● Required action: Repeat the stretch of entries below from the line with "Definition interiors_meet u" through the line with "Lemma interiors_meet_far u". Include both ends and add nothing.
#####
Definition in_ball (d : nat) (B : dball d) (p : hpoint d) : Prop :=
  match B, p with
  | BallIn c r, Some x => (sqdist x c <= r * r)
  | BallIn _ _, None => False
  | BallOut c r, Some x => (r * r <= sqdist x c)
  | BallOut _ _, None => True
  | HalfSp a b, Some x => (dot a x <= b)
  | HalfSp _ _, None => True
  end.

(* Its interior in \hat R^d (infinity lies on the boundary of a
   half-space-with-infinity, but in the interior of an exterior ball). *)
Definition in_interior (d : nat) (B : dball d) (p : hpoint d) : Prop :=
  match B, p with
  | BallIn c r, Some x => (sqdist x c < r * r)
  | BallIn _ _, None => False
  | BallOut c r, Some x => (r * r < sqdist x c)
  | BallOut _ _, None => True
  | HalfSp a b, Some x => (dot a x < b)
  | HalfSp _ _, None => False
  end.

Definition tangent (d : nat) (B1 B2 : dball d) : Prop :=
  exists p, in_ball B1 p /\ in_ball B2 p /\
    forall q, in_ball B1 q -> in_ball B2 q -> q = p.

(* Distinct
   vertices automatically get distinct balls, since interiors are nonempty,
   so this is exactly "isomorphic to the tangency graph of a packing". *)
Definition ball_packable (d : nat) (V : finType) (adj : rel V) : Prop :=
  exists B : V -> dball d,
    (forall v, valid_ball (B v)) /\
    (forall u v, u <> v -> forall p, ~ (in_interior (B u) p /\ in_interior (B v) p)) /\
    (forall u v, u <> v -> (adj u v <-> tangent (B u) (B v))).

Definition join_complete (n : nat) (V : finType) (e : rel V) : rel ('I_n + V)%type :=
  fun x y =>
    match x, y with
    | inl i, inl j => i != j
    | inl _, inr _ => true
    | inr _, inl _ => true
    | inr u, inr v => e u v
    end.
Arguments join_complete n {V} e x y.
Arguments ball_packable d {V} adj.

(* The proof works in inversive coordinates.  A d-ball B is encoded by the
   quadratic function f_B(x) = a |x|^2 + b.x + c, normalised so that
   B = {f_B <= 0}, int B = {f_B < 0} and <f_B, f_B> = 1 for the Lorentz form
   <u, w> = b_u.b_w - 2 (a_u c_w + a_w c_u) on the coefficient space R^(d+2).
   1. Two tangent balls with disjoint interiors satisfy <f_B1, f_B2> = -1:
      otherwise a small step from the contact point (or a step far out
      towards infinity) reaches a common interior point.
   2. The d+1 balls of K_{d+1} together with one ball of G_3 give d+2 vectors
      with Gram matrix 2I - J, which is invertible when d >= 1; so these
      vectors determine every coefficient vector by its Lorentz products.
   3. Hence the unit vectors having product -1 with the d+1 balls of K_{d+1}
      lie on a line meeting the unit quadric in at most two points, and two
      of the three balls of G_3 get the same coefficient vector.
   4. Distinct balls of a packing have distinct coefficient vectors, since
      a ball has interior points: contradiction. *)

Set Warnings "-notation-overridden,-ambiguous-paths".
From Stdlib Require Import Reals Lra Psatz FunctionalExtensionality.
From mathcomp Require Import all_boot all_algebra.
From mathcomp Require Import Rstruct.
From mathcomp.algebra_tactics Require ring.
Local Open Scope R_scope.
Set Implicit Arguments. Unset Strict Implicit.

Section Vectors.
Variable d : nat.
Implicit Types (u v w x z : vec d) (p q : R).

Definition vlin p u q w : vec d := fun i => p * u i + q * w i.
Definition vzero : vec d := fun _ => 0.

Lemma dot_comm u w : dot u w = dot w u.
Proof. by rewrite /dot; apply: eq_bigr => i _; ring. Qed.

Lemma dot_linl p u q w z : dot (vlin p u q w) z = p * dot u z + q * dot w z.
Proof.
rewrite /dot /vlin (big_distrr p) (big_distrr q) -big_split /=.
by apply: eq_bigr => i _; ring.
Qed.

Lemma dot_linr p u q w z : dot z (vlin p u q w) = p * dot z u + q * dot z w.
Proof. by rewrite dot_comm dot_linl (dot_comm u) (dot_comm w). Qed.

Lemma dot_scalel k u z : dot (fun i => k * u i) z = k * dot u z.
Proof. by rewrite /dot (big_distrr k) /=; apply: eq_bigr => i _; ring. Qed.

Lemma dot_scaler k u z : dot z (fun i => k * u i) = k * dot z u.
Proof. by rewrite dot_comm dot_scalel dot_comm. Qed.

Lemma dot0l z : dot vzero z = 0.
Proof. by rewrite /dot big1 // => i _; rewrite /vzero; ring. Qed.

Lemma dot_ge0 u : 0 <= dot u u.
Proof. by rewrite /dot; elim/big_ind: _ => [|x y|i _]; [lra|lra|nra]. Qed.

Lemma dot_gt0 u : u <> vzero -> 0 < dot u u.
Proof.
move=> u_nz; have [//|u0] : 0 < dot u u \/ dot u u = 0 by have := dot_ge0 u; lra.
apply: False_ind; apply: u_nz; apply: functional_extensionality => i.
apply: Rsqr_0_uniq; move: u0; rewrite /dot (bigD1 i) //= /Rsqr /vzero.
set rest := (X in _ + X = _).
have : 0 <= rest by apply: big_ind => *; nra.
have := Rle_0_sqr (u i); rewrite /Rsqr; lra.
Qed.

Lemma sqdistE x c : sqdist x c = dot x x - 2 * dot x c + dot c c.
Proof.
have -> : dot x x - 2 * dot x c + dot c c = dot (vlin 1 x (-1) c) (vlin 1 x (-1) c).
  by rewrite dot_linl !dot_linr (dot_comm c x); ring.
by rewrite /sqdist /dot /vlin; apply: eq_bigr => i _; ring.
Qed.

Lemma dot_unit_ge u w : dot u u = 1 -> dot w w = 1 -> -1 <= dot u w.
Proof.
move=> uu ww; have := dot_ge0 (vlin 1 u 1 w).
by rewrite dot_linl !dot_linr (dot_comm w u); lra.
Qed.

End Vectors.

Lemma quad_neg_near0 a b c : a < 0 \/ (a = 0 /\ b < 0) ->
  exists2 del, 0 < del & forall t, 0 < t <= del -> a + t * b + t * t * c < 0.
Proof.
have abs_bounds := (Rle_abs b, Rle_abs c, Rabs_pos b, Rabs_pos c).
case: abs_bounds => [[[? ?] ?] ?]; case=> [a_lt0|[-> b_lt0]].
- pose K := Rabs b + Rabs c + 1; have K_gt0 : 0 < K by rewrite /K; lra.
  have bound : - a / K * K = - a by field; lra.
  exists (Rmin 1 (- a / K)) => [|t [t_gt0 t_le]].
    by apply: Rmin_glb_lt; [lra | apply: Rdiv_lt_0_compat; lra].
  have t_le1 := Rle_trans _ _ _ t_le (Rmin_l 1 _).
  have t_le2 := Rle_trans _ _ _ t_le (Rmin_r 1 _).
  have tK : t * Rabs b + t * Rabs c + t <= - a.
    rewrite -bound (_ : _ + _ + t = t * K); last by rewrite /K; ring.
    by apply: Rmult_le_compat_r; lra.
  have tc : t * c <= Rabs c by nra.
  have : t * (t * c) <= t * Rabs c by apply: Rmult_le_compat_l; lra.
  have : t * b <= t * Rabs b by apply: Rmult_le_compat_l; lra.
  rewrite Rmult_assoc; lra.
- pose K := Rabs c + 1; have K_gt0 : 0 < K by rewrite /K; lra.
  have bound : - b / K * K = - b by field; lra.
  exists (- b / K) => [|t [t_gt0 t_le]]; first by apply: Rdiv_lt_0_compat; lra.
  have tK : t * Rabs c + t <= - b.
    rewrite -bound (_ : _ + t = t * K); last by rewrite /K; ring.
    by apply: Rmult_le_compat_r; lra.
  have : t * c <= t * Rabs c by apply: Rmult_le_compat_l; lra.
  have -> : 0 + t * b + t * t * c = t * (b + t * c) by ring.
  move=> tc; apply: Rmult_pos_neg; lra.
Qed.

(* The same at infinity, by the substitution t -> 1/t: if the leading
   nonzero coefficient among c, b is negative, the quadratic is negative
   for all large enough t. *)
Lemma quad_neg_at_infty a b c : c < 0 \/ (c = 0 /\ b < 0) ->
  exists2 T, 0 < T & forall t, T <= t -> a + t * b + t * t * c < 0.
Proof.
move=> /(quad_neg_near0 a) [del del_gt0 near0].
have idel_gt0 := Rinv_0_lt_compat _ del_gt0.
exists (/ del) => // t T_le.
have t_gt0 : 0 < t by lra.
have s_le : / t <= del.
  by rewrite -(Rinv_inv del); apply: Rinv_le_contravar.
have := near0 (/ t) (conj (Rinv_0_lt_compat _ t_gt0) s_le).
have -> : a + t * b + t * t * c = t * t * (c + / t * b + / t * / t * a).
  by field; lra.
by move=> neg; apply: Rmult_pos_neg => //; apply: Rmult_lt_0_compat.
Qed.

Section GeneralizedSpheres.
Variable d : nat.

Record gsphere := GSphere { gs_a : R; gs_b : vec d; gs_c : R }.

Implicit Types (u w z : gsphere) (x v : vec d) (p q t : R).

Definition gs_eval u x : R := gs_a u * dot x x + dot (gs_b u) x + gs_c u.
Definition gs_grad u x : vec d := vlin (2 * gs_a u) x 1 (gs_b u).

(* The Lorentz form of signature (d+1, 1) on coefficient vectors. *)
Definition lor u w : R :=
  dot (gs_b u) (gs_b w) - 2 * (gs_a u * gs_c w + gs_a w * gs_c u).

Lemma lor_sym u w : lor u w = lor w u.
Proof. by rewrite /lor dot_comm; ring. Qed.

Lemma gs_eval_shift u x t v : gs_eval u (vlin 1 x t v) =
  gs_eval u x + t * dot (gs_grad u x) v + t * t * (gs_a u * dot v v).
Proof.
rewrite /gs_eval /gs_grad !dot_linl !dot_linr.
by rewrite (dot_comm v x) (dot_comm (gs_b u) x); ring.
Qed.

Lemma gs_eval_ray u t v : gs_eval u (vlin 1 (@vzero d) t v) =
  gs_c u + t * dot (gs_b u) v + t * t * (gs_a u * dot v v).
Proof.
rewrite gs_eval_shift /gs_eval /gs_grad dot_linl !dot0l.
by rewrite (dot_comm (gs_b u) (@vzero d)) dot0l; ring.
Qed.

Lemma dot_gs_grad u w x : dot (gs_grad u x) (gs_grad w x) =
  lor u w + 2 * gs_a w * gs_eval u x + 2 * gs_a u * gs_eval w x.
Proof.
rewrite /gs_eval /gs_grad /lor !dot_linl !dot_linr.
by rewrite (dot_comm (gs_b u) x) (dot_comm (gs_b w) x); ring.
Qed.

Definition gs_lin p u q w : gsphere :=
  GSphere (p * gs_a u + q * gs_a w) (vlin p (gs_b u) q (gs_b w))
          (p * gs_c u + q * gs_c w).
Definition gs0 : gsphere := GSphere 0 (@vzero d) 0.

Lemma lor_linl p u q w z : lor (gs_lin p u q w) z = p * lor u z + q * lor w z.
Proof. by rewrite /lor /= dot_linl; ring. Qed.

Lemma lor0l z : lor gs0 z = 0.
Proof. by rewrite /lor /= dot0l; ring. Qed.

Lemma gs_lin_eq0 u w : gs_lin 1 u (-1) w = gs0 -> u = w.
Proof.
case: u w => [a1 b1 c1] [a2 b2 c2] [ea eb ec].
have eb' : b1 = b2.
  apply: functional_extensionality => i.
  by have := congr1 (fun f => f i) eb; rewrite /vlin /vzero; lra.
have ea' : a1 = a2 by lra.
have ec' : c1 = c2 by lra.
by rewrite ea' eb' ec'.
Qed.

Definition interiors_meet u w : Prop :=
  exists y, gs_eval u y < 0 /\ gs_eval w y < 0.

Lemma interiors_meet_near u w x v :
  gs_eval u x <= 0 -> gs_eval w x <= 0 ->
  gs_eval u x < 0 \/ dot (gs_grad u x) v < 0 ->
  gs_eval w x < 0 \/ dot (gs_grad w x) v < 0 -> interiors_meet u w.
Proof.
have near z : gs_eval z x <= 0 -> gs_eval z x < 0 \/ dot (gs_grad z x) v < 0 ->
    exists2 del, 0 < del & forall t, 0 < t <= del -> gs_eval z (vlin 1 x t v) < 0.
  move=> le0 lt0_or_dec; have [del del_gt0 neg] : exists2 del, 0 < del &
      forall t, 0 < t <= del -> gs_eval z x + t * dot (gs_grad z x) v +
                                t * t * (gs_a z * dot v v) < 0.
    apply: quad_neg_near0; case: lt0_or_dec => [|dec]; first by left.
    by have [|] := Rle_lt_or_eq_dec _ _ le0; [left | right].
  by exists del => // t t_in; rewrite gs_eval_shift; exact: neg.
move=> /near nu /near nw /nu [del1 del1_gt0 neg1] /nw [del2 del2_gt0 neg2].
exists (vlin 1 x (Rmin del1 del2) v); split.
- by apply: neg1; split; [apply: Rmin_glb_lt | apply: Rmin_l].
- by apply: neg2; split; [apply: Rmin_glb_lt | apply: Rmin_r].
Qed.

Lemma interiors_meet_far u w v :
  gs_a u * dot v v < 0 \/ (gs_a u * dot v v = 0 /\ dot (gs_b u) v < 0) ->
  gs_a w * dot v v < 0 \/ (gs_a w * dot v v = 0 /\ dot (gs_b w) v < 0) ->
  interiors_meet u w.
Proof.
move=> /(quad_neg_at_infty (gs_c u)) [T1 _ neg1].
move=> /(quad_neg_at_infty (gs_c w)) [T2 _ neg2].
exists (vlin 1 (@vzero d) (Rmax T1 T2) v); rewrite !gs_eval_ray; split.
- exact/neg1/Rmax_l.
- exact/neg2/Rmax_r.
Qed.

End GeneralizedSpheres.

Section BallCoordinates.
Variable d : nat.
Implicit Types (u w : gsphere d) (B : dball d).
#####
● Task answer:
Definition interiors_meet u w : Prop :=
  exists y, gs_eval u y < 0 /\ gs_eval w y < 0.

Lemma interiors_meet_near u w x v :
  gs_eval u x <= 0 -> gs_eval w x <= 0 ->
  gs_eval u x < 0 \/ dot (gs_grad u x) v < 0 ->
  gs_eval w x < 0 \/ dot (gs_grad w x) v < 0 -> interiors_meet u w.
Proof.
have near z : gs_eval z x <= 0 -> gs_eval z x < 0 \/ dot (gs_grad z x) v < 0 ->
    exists2 del, 0 < del & forall t, 0 < t <= del -> gs_eval z (vlin 1 x t v) < 0.
  move=> le0 lt0_or_dec; have [del del_gt0 neg] : exists2 del, 0 < del &
      forall t, 0 < t <= del -> gs_eval z x + t * dot (gs_grad z x) v +
                                t * t * (gs_a z * dot v v) < 0.
    apply: quad_neg_near0; case: lt0_or_dec => [|dec]; first by left.
    by have [|] := Rle_lt_or_eq_dec _ _ le0; [left | right].
  by exists del => // t t_in; rewrite gs_eval_shift; exact: neg.
move=> /near nu /near nw /nu [del1 del1_gt0 neg1] /nw [del2 del2_gt0 neg2].
exists (vlin 1 x (Rmin del1 del2) v); split.
- by apply: neg1; split; [apply: Rmin_glb_lt | apply: Rmin_l].
- by apply: neg2; split; [apply: Rmin_glb_lt | apply: Rmin_r].
Qed.

Lemma interiors_meet_far u w v :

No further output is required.